A cold, wet and windy night on the tarmac. The flight landed safely but the pilot reported a lightning strike during
final approach. Aircraft turnaround is already tight, but the aircraft must be checked for damage or taken out of
service. A minimum two-hour delay to check it in a hangar will disrupt the schedule and strand hundreds of passengers.

How often do airlines face this problem? Not just lightning, but bird strikes, ground service vehicle impacts and so many more hazards that airlines routinely deal with. Many inspections can be done visually from the ground, but many cannot and require access at height, generally in a hangar.

Aircraft technology changes so fast it’s hard to keep up, especially when it comes with a considerable capital commitment; but it is undoubtedly continually improving safety. Less obvious in the media headlines is how aircraft maintenance keeps up with the pace of new technology in engines, digital developments and advanced composite materials.

This year’s most prized Christmas toy may well have been a drone – a not-so new technology now penetrating and creating markets and delivering benefits unthinkable just a few years ago. But
what of the remote-controlled vehicles so popular in the past? As drones have captured the imagination
of aircraft engineers looking for that competitive edge in time and efficiency, a remote-controlled robot has been quietly proving its worth. Invert Robotics, a technology company based fittingly, down-under in New Zealand has developed a small robot that can crawl upside-down and all around the curved and flat surfaces of an aircraft.

Visual inspection of an aircraft on the tarmac – even at the gate – has become a reality, even on a wet and windy night. Whether underneath a wing or on the top of the fuselage, the robot will go when no drone is able or permitted to fly.

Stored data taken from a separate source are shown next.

Definition skew_coords (A : 'M[R]_4) : 'rV[R]_6 :=
  row6 (ent A 0 1) (ent A 0 2) (ent A 0 3) (ent A 1 2) (ent A 1 3) (ent A 2 3).

Lemma skewmx_linear : linear skewmx.
Proof.
move=> a x y; apply: ent_ext => i j lt_i4 lt_j4; rewrite ent_lin !ent_mx //.
by case: i lt_i4 => [|[|[|[|i]]]] //= _; case: j lt_j4 => [|[|[|[|j]]]] //= _;
  rewrite ?rc_lin; ring.
Qed.

Lemma skew_coords_linear : linear skew_coords.
Proof.
move=> a A B; apply: rc_ext => k lt_k6; rewrite rc_lin !rc_row6 //.
by case: k lt_k6 => [|[|[|[|[|[|k]]]]]] //= _; rewrite ent_lin.
Qed.

Lemma skewmxK : cancel skewmx skew_coords.
Proof.
move=> x; apply: rc_ext => k lt_k6; rewrite rc_row6 //.
by case: k lt_k6 => [|[|[|[|[|[|k]]]]]] //= _; rewrite ent_mx.
Qed.

Lemma skew_coordsK (A : 'M[R]_4) : A^T = - A -> skewmx (skew_coords A) = A.
Proof.
move=> A_skew; have entN i j : ent A j i = - ent A i j.
  by rewrite -ent_tr A_skew /ent mxE.
have ent_diag i : ent A i i = 0.
  by have := entN i i; lra.
apply: ent_ext => i j lt_i4 lt_j4; rewrite ent_mx //.
by case: i lt_i4 => [|[|[|[|i]]]] //= _; case: j lt_j4 => [|[|[|[|j]]]] //= _;
  rewrite ?rc_row6 //= ?ent_diag // entN.
Qed.

Lemma ent_E12 i j : (i < 4)%N -> (j < 4)%N -> ent (@E12 R) i j =
  if (i == 0%N) && (j == 1%N) then 1 else if (i == 1%N) && (j == 0%N) then -1 else 0.
Proof. by move=> lt_i4 lt_j4; rewrite /ent mxE /= !inordK. Qed.

Lemma trmx_E12 : E12^T = - E12 :> 'M[R]_4.
Proof.
apply: ent_ext => i j lt_i4 lt_j4; rewrite ent_tr /ent !mxE /= !inordK //.
by case: i lt_i4 => [|[|[|[|i]]]] //= _; case: j lt_j4 => [|[|[|[|j]]]] //= _;
  rewrite ?opprK ?oppr0.
Qed.

Lemma ent_conj_E12 (M : 'M[R]_4) i j :
  ent (M *m E12 *m M^T) i j = ent M i 0 * ent M j 1 - ent M i 1 * ent M j 0.
Proof. by rewrite !ent_mul !ent_tr !ent_E12 //=; ring. Qed.

Lemma Grplus24_skew (A : 'M[R]_4) : Grplus24 A -> A^T = - A.
Proof.
case=> Q _ <-.
by rewrite !trmx_mul trmxK trmx_E12 mulNmx mulmxN mulmxA.
Qed.

End SkewMatrices.

Section Wedge.
Context {R : realType}.
Variables u0 u1 u2 u3 v0 v1 v2 v3 : R.

Definition wedge : 'rV[R]_6 :=
  row6 (u0 * v1 - u1 * v0) (u0 * v2 - u2 * v0) (u0 * v3 - u3 * v0)
       (u1 * v2 - u2 * v1) (u1 * v3 - u3 * v1) (u2 * v3 - u3 * v2).

Lemma sqnorm6_wedge : sqnorm6 wedge =
  (u0 * u0 + u1 * u1 + u2 * u2 + u3 * u3) * (v0 * v0 + v1 * v1 + v2 * v2 + v3 * v3)
  - (u0 * v0 + u1 * v1 + u2 * v2 + u3 * v3) ^+ 2.
Proof. by rewrite /sqnorm6 !rc_row6 //=; ring. Qed.

Lemma Ppoly_wedge : Ppoly wedge = 0.
Proof. by rewrite /Ppoly !rc_row6 //=; ring. Qed.

End Wedge.

Section QuaternionMatrix.
Context {R : realType}.
Variables p0 p1 p2 p3 q0 q1 q2 q3 : R.
(* Let $D>0$ be a square-free integer, let $p$ be an odd prime with $\left(\frac{-D}{p}\right)=1$, and let $\alpha\ge 1$ be an integer. Let $x_0,y_0$ be integers with $\gcd(x_0,y_0)=1$ and $x_0^2+Dy_0^2=p^{2\alpha}$. Suppose $c,d$ are integers with $\gcd(c,d)=1$ and $p^{2\alpha}\mid c^2+Dd^2$. Then exactly one of the following holds in $\mathbb{Z}[\sqrt{-D}]$: $x_0+y_0\sqrt{-D}\mid c+d\sqrt{-D}$, or $x_0-y_0\sqrt{-D}\mid c+d\sqrt{-D}$.
   Context: $\left(\frac{\cdot}{p}\right)$ is the Legendre symbol. *)

From Stdlib Require Import ZArith Znumtheory List.
Open Scope Z_scope.

Definition squarefree (D : Z) : Prop :=
  forall k : Z, (k * k | D) -> Z.abs k = 1.

Definition legendre (a p : Z) : Z :=
  if a mod p =? 0 then 0
  else if existsb (fun x => (x * x - a) mod p =? 0)
                  (map Z.of_nat (seq 0 (Z.to_nat p)))
       then 1 else -1.

(* Divisibility in Z[sqrt(-D)]: (a + b sqrt(-D)) | (c + d sqrt(-D)) iff
   there is u + v sqrt(-D) in Z[sqrt(-D)] with
   (a + b sqrt(-D)) (u + v sqrt(-D)) = c + d sqrt(-D). *)
Definition zsqrt_divides (D a b c d : Z) : Prop :=
  exists u v : Z, c = a * u - D * b * v /\ d = a * v + b * u.

From Stdlib Require Import ZArith Znumtheory Zpow_facts Lia.
Open Scope Z_scope.

(* Write N = p^(2 alpha) = x0^2 + D y0^2 and A(+/-) = c x0 +/- D d y0.
   Multiplying by the conjugate shows that x0 +/- y0 sqrt(-D) divides
   c + d sqrt(-D) iff N divides A(+/-).  The product A(+) A(-) equals
   x0^2 (c^2 + D d^2) - D d^2 N, so N divides it; but p cannot divide both
   factors, since their sum 2 c x0 is prime to p (p is odd, and p divides
   neither c nor x0 because it does not divide D, as (-D/p) <> 0).  Hence the whole prime
   power N divides exactly one of A(+), A(-). *)

Lemma zsqrt_divides_iff_norm_divides (D x y c d : Z) :
  x ^ 2 + D * y ^ 2 <> 0 -> rel_prime (x ^ 2 + D * y ^ 2) x ->
  zsqrt_divides D x y c d <-> (x ^ 2 + D * y ^ 2 | c * x + D * d * y).
Proof.
  set (N := x ^ 2 + D * y ^ 2). intros HN0 HNx. split.
  - intros [u [v [-> ->]]]. exists u. unfold N. ring.
  - intros [k Hk].
    assert (Hm : (N | d * x - c * y)).
    { apply Gauss with x; [|exact HNx].
      exists (d - y * k).
      replace (x * (d * x - c * y)) with (d * N - y * (c * x + D * d * y))
        by (unfold N; ring).
      rewrite Hk. ring. }
    destruct Hm as [m Hm].
    exists k, m. split; apply Z.mul_reg_l with N; trivial.
    + replace (N * (x * k - D * y * m)) with (x * (k * N) - D * y * (m * N)) by ring.
      rewrite <- Hk, <- Hm. unfold N. ring.
    + replace (N * (x * m + y * k)) with (x * (m * N) + y * (k * N)) by ring.
      rewrite <- Hk, <- Hm. unfold N. ring.
Qed.

Lemma legendre_eq1_not_divides (a p : Z) : legendre a p = 1 -> ~ (p | a).
Proof.
  intros Hleg Hpa. unfold legendre in Hleg.
  rewrite (Zdivide_mod a p Hpa) in Hleg. discriminate.
Qed.

Lemma prime_divides_coprime_norm_not_divides (p D a b : Z) :
  prime p -> ~ (p | D) -> Z.gcd a b = 1 ->
  (p | a ^ 2 + D * b ^ 2) -> ~ (p | a).
Proof.
  intros Hp HpD Hab Hnorm Hpa.
  assert (HDbb : (p | D * (b * b))).
  { replace (D * (b * b)) with ((a ^ 2 + D * b ^ 2) - a * a) by ring.
    apply Z.divide_sub_r; [exact Hnorm | now apply Z.divide_mul_l]. }
  assert (Hpb : (p | b)).
  { destruct (prime_mult p Hp _ _ HDbb) as [|Hbb]; [contradiction|].
    now destruct (prime_mult p Hp _ _ Hbb). }
  pose proof (Z.gcd_greatest a b p Hpa Hpb) as Hp1.
  rewrite Hab in Hp1. apply Z.divide_1_r in Hp1.
  pose proof (prime_ge_2 p Hp). lia.
Qed.

Lemma norm_divides_conjugate_product (D x y c d : Z) :
  (x ^ 2 + D * y ^ 2 | c ^ 2 + D * d ^ 2) ->
  (x ^ 2 + D * y ^ 2 | (c * x + D * d * y) * (c * x - D * d * y)).
Proof.
  intros H.
  replace ((c * x + D * d * y) * (c * x - D * d * y))
    with (x ^ 2 * (c ^ 2 + D * d ^ 2) - D * d ^ 2 * (x ^ 2 + D * y ^ 2)) by ring.
  apply Z.divide_sub_r; [now apply Z.divide_mul_r | apply Z.divide_factor_r].
Qed.

Lemma odd_prime_not_divides_sum_and_diff (p u v : Z) :
  prime p -> p <> 2 -> ~ (p | u) -> ~ ((p | u + v) /\ (p | u - v)).
Proof.
  intros Hp Hp2 Hpu [Hplus Hminus].
  assert (H2u : (p | 2 * u)).
  { replace (2 * u) with ((u + v) + (u - v)) by ring. now apply Z.divide_add_r. }
  pose proof (prime_ge_2 p Hp).
  destruct (prime_mult p Hp _ _ H2u) as [H2|]; [|contradiction].
  apply Z.divide_pos_le in H2; lia.
Qed.

Lemma prime_power_rel_prime (p e a : Z) :
  prime p -> 0 <= e -> ~ (p | a) -> rel_prime (p ^ e) a.
Proof.
  intros Hp He Hpa. apply rel_prime_sym, rel_prime_Zpower_r; [exact He|].
  apply rel_prime_sym. now apply prime_rel_prime.
Qed.

Lemma prime_power_divides_mul_r (p e a b : Z) :
  prime p -> 0 <= e -> ~ (p | a) -> (p ^ e | a * b) -> (p ^ e | b).
Proof.
  intros Hp He Hpa Hab. apply Gauss with a; [exact Hab|].
  now apply prime_power_rel_prime.
Qed.

Lemma prime_power_divides_exactly_one (p e a b : Z) :
  prime p -> 0 < e -> (p ^ e | a * b) -> ~ ((p | a) /\ (p | b)) ->
  ((p ^ e | a) /\ ~ (p ^ e | b)) \/ (~ (p ^ e | a) /\ (p ^ e | b)).
Proof.
  intros Hp He Hab Hnboth.
  pose proof (Zpower_divide p e He) as Hp_pe.
  destruct (Zdivide_dec p a) as [Hpa|Hpa].
  - assert (Hpb : ~ (p | b)) by tauto.
    left. split.
    + apply prime_power_divides_mul_r with b; [trivial | lia | trivial |].
      now rewrite Z.mul_comm.
    + intros Hpe. apply Hpb. now apply Z.divide_trans with (p ^ e).
  - right. split.
    + intros Hpe. apply Hpa. now apply Z.divide_trans with (p ^ e).
    + apply prime_power_divides_mul_r with a; [trivial | lia | trivial | trivial].
Qed.

Theorem lemma3p4 (D p alpha x0 y0 c d : Z) :
  0 < D -> squarefree D ->
  prime p -> p <> 2 -> legendre (- D) p = 1 ->
  1 <= alpha ->
  Z.gcd x0 y0 = 1 -> x0 ^ 2 + D * y0 ^ 2 = p ^ (2 * alpha) ->
  Z.gcd c d = 1 -> (p ^ (2 * alpha) | c ^ 2 + D * d ^ 2) ->
  (zsqrt_divides D x0 y0 c d /\ ~ zsqrt_divides D x0 (- y0) c d) \/
  (~ zsqrt_divides D x0 y0 c d /\ zsqrt_divides D x0 (- y0) c d).
Proof.
  intros _ _ Hp Hp2 Hleg Halpha Hxy Hnorm Hcd Hdiv.
  assert (HpD : ~ (p | D))
    by (intros HpD; apply (legendre_eq1_not_divides _ _ Hleg); now apply Z.divide_opp_r).
  assert (Hp_N : (p | p ^ (2 * alpha))) by (apply Zpower_divide; lia).
  assert (Hpx : ~ (p | x0))
    by (apply (prime_divides_coprime_norm_not_divides p D x0 y0); rewrite ?Hnorm; trivial).
  assert (Hpc : ~ (p | c))
    by (apply (prime_divides_coprime_norm_not_divides p D c d); trivial;
        now apply Z.divide_trans with (p ^ (2 * alpha))).
  assert (HN0 : p ^ (2 * alpha) <> 0)
    by (pose proof (prime_ge_2 p Hp); apply Z.pow_nonzero; lia).
  assert (HNx : rel_prime (p ^ (2 * alpha)) x0)
    by (apply prime_power_rel_prime; trivial; lia).
  assert (Hnorm' : x0 ^ 2 + D * (- y0) ^ 2 = p ^ (2 * alpha)) by (rewrite <- Hnorm; ring).
  rewrite (zsqrt_divides_iff_norm_divides D x0 y0), (zsqrt_divides_iff_norm_divides D x0 (- y0)),
    Hnorm, Hnorm' by (rewrite ?Hnorm, ?Hnorm'; trivial).
  replace (c * x0 + D * d * - y0) with (c * x0 - D * d * y0) by ring.
  apply prime_power_divides_exactly_one; [trivial | lia | |].
  - rewrite <- Hnorm. apply norm_divides_conjugate_product. now rewrite Hnorm.
  - apply odd_prime_not_divides_sum_and_diff; trivial.
    intros Hpcx. now destruct (prime_mult p Hp _ _ Hpcx).
Qed.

Live video feed to the aircraft maintenance engineer on the ground or relayed halfway around the world if needed, displays and records the extent or absence of any damage.

Beyond the urgent, outside inspections, other opportunities for the robot are appearing in routine visual inspections, re-checks of known but permissible damage or fatigue and proof of satisfactorily completed repairs. All these contribute to more thorough, demonstrable inspections and repairs and therefore to the safety and integrity of the aircraft. Avoidance of aircraft engineers working at height adds to that
safety dimension.

Just as the practical use of drones in aircraft inspections and maintenance is a work-in-progress for even the most advanced airlines, the robot is developing beyond its existing high-resolution camera. The addition of current inspection technologies will enable use of ultra-sound, thermo-graphics, eddycurrent
and more. This brings in new considerations for MROs as many labour intensive, repetitive tasks will be able to be done – and recorded – by the robot or data can be collected for specialist repair specifications to be written. As with so many digital applications, data can be quickly analysed and shared, becoming a valuable resource for predictive and preventative aircraft maintenance. Multiple findings across a
number of airlines or on a specific aircraft type can enable quick and efficient spot checks for early detection and less expensive repairs.

But what of the much-vaunted drones? They have the benefit of speed to do a quick visual “sweep” of an aircraft. But due to regulatory constraints in many countries and of course the windy conditions which airports are located to enjoy, drones operate effectively only inside a hangar. Most of the nondestructive
testing technologies utilised in aircraft maintenance require continuous, steady, physical contact with the aircraft surface, often not achievable with drone applications.

This is not to sound a death-knell for drones in aircraft maintenance – far from it. The reality is that the versatility of drones and the creativity of the aviation industry will come up with many and varied uses for them. The other reality is that drones have their limitations in areas where the robots will have the
upper hand in this particular war of technologies. The robots from Mars never became the reality that H G Wells anticipated 120 years ago. But we live in a time where someone is loudly proclaiming
the benefits of sending men to Mars (I wonder if he’s making a list?) and this time it may ironically be the robots that help men with that invasion?